Identity Provider routing rules
Identity Provider (IdP) routing rules enable you to direct end users to identity providers based on the user's location, device, email domain, attributes, or the app they are attempting to access.
You can create a rule for each of your providers or for different combinations of user criteria. When an end user attempts to sign in, the active rules are evaluated, and the first one that the user matches is applied.
IdP routing rules are useful in the following scenarios.
- On-network vs. off-network: You can maintain alternate or legacy authentication for off-network users and use Okta for on-network users.
- Mobile users: Mobile users, identified by device, can route authentication to a third-party identity provider with specific functionality.

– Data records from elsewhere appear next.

(* With notation as in the context, for every $i\in\mathbb Z$ the set $\mathcal B_i$ is a self-adjoint ideal of $\mathcal B_0$, the maps $\varphi_i\colon\mathcal B_{-i}\to\mathcal B_i$, $\varphi_i(b)=s^ib\,s^{-i}$, are $*$-isomorphisms, and $\varphi=(\{\mathcal B_i\},\{\varphi_i\})$ is a partial action of $\mathbb Z$ on $\mathcal B_0$. Moreover $\mathcal B=\bigoplus_{i\in\mathbb Z}\mathcal B_it^i$, and the map $$\Psi\colon\mathcal B_0\rtimes_\varphi\mathbb Z\to\mathcal B,\qquad \Psi\Big(\sum_ib_i\delta_i\Big)=\sum_ib_is^i=\sum_ib_it^i\quad(b_i\in\mathcal B_i)$$ is a $*$-isomorphism.
   Context: Let $X$ be a totally disconnected compact metrizable space, $T$ a homeomorphism of $X$, $K$ a field with involution, $C_K(X)$ the $*$-algebra of locally constant functions $X\to K$, and $\mathcal A=C_K(X)\rtimes_T\mathbb Z$ the algebraic crossed product (finite sums $\sum f_it^i$, $tf=(f\circ T^{-1})t$, $(ft^i)^*=t^{-i}f^*$, $t^{-1}=t^*$). Let $E$ be a nonempty clopen set, $\mathcal P$ a partition of $X\setminus E$ (finite family of nonempty pairwise disjoint clopen sets with union $X\setminus E$), $\mathcal B$ the unital $*$-subalgebra of $\mathcal A$ generated by $\{\chi_Zt:Z\in\mathcal P\}$, and $\mathcal B_0=C_K(X)\cap\mathcal B$. Put $s=\chi_{X\setminus E}t$, $s^0=1$, and for $i>0$, $s^{-i}:=(t^{-1}\chi_{X\setminus E})^i=(s^* )^i$. For $i>0$ let $\mathcal B_i=\chi_{X\setminus(E\cup T(E)\cup\cdots\cup T^{i-1}(E))}\mathcal B_0$ and $\mathcal B_{-i}=\chi_{X\setminus(T^{-1}(E)\cup\cdots\cup T^{-i}(E))}\mathcal B_0$. A partial action of $\mathbb Z$ on a $*$-algebra $A$ is a family of self-adjoint ideals $A_n$ ($A_0=A$) and $*$-isomorphisms $\phi_n\colon A_{-n}\to A_n$ with $\phi_0=\mathrm{id}$ and $\phi_{n+m}$ extending $\phi_n\circ\phi_m$ (on its natural domain). The partial crossed product $A\rtimes_\phi\mathbb Z$ is the $*$-algebra of finite sums $\sum_na_n\delta_n$, $a_n\in A_n$, with product $(a_n\delta_n)(b_m\delta_m)=\phi_n(\phi_{-n}(a_n)b_m)\delta_{n+m}$ and involution $(a_n\delta_n)^*=\phi_{-n}(a_n^* )\delta_{-n}$. *)

From HB Require Import structures.
From mathcomp Require Import all_boot all_order all_algebra.
From Stdlib Require Import ClassicalEpsilon.
From Stdlib Require Rdefinitions.
Variables (P : (Dual X -> R) -> X) (Cp : R).
Hypothesis P_add : forall Phi1 Phi2 Phi3, is_bidual Phi1 -> is_bidual Phi2 -> is_bidual Phi3 ->
  (forall f, Phi3 f = Phi1 f + Phi2 f) -> P Phi3 = vadd (P Phi1) (P Phi2).
Hypothesis P_scal : forall a Phi1 Phi2, is_bidual Phi1 -> is_bidual Phi2 ->
  (forall f, Phi2 f = a * Phi1 f) -> P Phi2 = vscal a (P Phi1).
Hypothesis P_bd : forall Phi K, is_bidual Phi -> bidual_norm_le Phi K -> norm (P Phi) <= Cp * K.
Hypothesis P_J : forall x : X, P (fun f => proj1_sig f x) = x.
Hypothesis P_u : forall g Phi Phi', is_bidual Phi -> is_bidual Phi' ->
  (forall f f' : Dual X, (forall x, proj1_sig f' x = proj1_sig f (u g x)) -> Phi' f = Phi f') ->
  P Phi' = u g (P Phi).

Definition bounded_family (F : G -> X) : Prop := exists C, 0 <= C /\ forall k, norm (F k) <= C.

Definition weak_mean (F : G -> X) : Dual X -> R := fun f => m (fun k => proj1_sig f (F k)).

(* The G-complementation of X in its bidual is what turns the scalar mean into
   an X-valued, u-equivariant one. *)
Definition vmean (F : G -> X) : X := P (weak_mean F).

Lemma bounded_family_const x : bounded_family (fun _ => x).
Proof. exists (norm x). split; [apply norm_nonneg | intros; apply Rle_refl]. Qed.

Lemma bounded_family_add F1 F2 : bounded_family F1 -> bounded_family F2 ->
  bounded_family (fun k => vadd (F1 k) (F2 k)).
Proof.
  intros [C1 [HC1 H1]] [C2 [HC2 H2]]. exists (C1 + C2). split; [lra|].
  intro k. eapply Rle_trans; [apply norm_triangle|]. apply Rplus_le_compat; auto.
Qed.

Lemma bounded_family_scal a F : bounded_family F -> bounded_family (fun k => vscal a (F k)).
Proof.
  intros [C [HC H]]. exists (Rabs a * C). split; [apply Rmult_le_pos; auto; apply Rabs_pos|].
  intro k. rewrite norm_scal. apply Rmult_le_compat_l; [apply Rabs_pos | auto].
Qed.

Lemma bounded_family_u g F : bounded_family F -> bounded_family (fun k => u g (F k)).
Proof.
  intros [C [HC H]]. exists (Mu * C). split; [apply Rmult_le_pos; auto|].
  intro k. eapply Rle_trans; [apply u_bd|]. apply Rmult_le_compat_l; auto.
Qed.

Lemma dual0 (f : Dual X) : proj1_sig f vzero = 0.
Proof.
  destruct (proj2_sig f) as [[_ Hscal] _].
  rewrite <- (vscal0l vzero), Hscal. ring.
Qed.

Lemma dual_bounded_fun (f : Dual X) F : bounded_family F ->
  bounded_fun (fun k => proj1_sig f (F k)).
Proof.
  intros [C [HC HF]]. destruct (proj2_sig f) as [_ [M HM]].
  exists (Rabs M * C). intro k. eapply Rle_trans; [apply HM|].
  apply Rle_trans with (Rabs M * norm (F k)).
  - apply Rmult_le_compat_r; [apply norm_nonneg | apply Rle_abs].
  - apply Rmult_le_compat_l; [apply Rabs_pos | apply HF].
Qed.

- Hub-and-spoke organizations: These organizations may manage users, Active Directories, policies, apps, and workflows in one of the "spoke" organizations, but require access to the central organization for certain apps, such as Workday, for other reasons. Users can authenticate from an app using a service provider-initiated flow to the "hub" organization which uses routing rules to authenticate into the "spoke" organization seamlessly. (If you have more than one Okta org, you can use separate identity providers for each org to keep groups of users separate.)
- Desktop SSO: You can route desktop users to Integrated Windows Authentication (IWA) and mobile users to Okta for authentication.

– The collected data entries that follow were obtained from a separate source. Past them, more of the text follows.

(* Let $\hat D$ be any element of the algebra of operators on $C(P)$ generated by $\hat T_1,\dots,\hat T_n$, and let $\lambda,\mu\in P$ with $\lambda\sim\mu$. If $(\hat Df)(\lambda)=0$ for all $f\in C(P)$, then $(\hat Df)(\mu)=0$ for all $f\in C(P)$.
   Context: Let $R$ be an irreducible reduced crystallographic root system of rank $n$ in a Euclidean space $V$ with inner product $\langle\cdot,\cdot\rangle$, $\alpha^\vee:=2\alpha/\langle\alpha,\alpha\rangle$, weight lattice $P$, positive roots $R^+$ with simple roots $\alpha_1,\dots,\alpha_n$, finite Weyl group $W_0$ acting on $C(P)$ (functions $P\to\mathbb C$) by $(wf)(\lambda)=f(w^{-1}\lambda)$. $A:=\{x\in V:0<\langle x,\alpha^\vee\rangle<1\ \forall \alpha\in R^+\}$, $C:=\{x:\langle x,\alpha^\vee\rangle>0\ \forall\alpha\in R^+\}$. For $1\le j\le n$, $s_j$ is the reflection in $V_j:=\{x:\langle x,\alpha_j^\vee\rangle=0\}$, $q_j\in\mathbb R\setminus\{0\}$ are parameters, and $\hat T_j:=q_j+\chi_j(s_j-1)$ where $\chi_j$ multiplies by $\chi_j(\lambda)=q_j$ if $V_j$ separates $\lambda$ and $A$, $1$ if $\lambda\in V_j$, $q_j^{-1}$ otherwise. For $x\in V$, $W_{0,x}$ is the stabilizer of $x$ in $W_0$. Write $x\sim y$ iff $W_{0,x}=W_{0,y}$ and $x,y$ both lie in the closure of the same Weyl chamber $wC$ for some $w\in W_0$. *)

From HB Require Import structures.
From mathcomp Require Import all_boot all_order all_algebra.
From Stdlib Require Import ClassicalEpsilon.
Set Implicit Arguments. Unset Strict Implicit. Unset Printing Implicit Defensive.
Import Order.TTheory GRing.Theory Num.Theory.
Local Open Scope ring_scope.

Section RootSystems.
Variables (C : numClosedFieldType) (n : nat).
Local Notation V := 'rV[C]_n.

(* Euclidean space V = real vectors of C^n with the standard inner product. *)
Definition dot (x y : V) : C := (x *m y^T) 0 0.
Definition coroot (al : V) : V := (2 / dot al al) *: al.
Definition refl (al x : V) : V := x - dot x (coroot al) *: al.
Definition realv (x : V) : Prop := forall i, x 0 i \is Num.real.
Definition is_int (c : C) : Prop := exists z : int, c = z%:~R.

Definition irreducible_rs (R : seq V) : Prop :=
  forall S : V -> Prop,
    (forall al be, al \in R -> be \in R -> S al -> ~ S be -> dot al be = 0) ->
    (forall al, al \in R -> S al) \/ (forall al, al \in R -> ~ S al).

Definition is_base (R : seq V) (a : 'I_n -> V) : Prop :=
  (forall i, a i \in R) /\ \rank (\matrix_(i < n) a i) = n /\
  (forall al, al \in R -> exists c : 'I_n -> nat,
      al = \sum_i (c i)%:R *: a i \/ al = - \sum_i (c i)%:R *: a i).

Definition root_system (R : seq V) (a : 'I_n -> V) : Prop :=
  (0 < n)%N /\
  (forall al, al \in R -> realv al /\ al != 0) /\
  (forall al be, al \in R -> be \in R -> refl al be \in R) /\
  (forall al be, al \in R -> be \in R -> is_int (dot be (coroot al))) /\
  (forall al (c : C), al \in R -> c *: al \in R -> c = 1 \/ c = -1) /\
  irreducible_rs R /\ is_base R a.

Definition posroot (R : seq V) (a : 'I_n -> V) (al : V) : Prop :=
  al \in R /\ exists c : 'I_n -> nat, al = \sum_i (c i)%:R *: a i.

- Multiple customer organizations: You can send users from multiple orgs to a different org for authentication, based on the email subdomain.
- Required discovery by user attribute: In some B2B scenarios where the email domain does not necessarily correlate to the identity provider, you can direct authentication based on user attributes.
When IdP routing rules are configured to select a provider based on the end user's domain or attributes, the end user sees a modified sign-in screen that accepts the email and short names. If you configured multiple providers for a rule, the end user sees a list of available IdPs. The sign-in is evaluated against the set criteria and the user is redirected to the appropriate sign-in screen for the desired identity provider.
If you configured multiple providers for a rule and the primary factor in your Global Session Policy is Password / IDP, the end user sees fields for their username and password and a list of available IdPs.
Routing rules improve the end-user sign-in experience, but they don't provide security enhancements. You need to configure user authentication policies for your IdPs independently of your routing rules.